Supplied records
'''

Lemma nwords_cons m L P :
  nwords m L.+1 P = \sum_(v < m.+1) nwords m L (fun s => P (val v :: s)).
Proof.
rewrite /nwords pair_big /=.
rewrite (reindex (fun vw : 'I_m.+1 * L.-tuple 'I_m.+1 => [tuple of vw.1 :: vw.2])) //=.
exists (fun w : L.+1.-tuple 'I_m.+1 => (thead w, [tuple of behead w])).
  by move=> [v w] _ /=; rewrite theadE; congr pair; apply: val_inj.
by move=> w _; rewrite [in RHS](tuple_eta w); apply: val_inj.
Qed.

Lemma isolated_zeros_cons v s : isolated_zeros (v :: s) =
  (if s is y :: _ then ~~ ((v == 0) && (y == 0)) else true) && isolated_zeros s.
Proof. by case: s. Qed.

Section Words.
Variable m' : nat.
Local Notation m := m'.+1.

Lemma nwords_first L P : nwords m L.+1 P =
  nwords m L (fun s => P (0 :: s)) + \sum_(i < m') nwords m L (fun s => P (i.+1 :: s))
  + nwords m L (fun s => P (m :: s)).
Proof. by rewrite nwords_cons big_ord_recl big_ord_recr addnA. Qed.

Lemma good_word_mid i s r : i < m' -> good_word m r (i.+1 :: s) = good_word m r s.
Proof.
move=> lt_im; rewrite /good_word isolated_zeros_cons /= eqSS (ltn_eqF lt_im) add0n.
by case: s.
Qed.

Lemma good_word_max s r :
  good_word m r (m :: s) = if r is r'.+1 then good_word m r' s else false.
Proof. by rewrite /good_word isolated_zeros_cons /= eqxx; case: r; case: s. Qed.

(* The word count in the indexing of [c_m(n, k)], including [c_m(0, 0) = 1]. *)
Definition cwords n k : nat :=
  if n is n'.+1 then (if k is k'.+1 then words_count m n' k' else 0) else k == 0.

'''

Task
When the word "Proof" shows up in a line of the material, count that line; report only the final number.

Written reply
5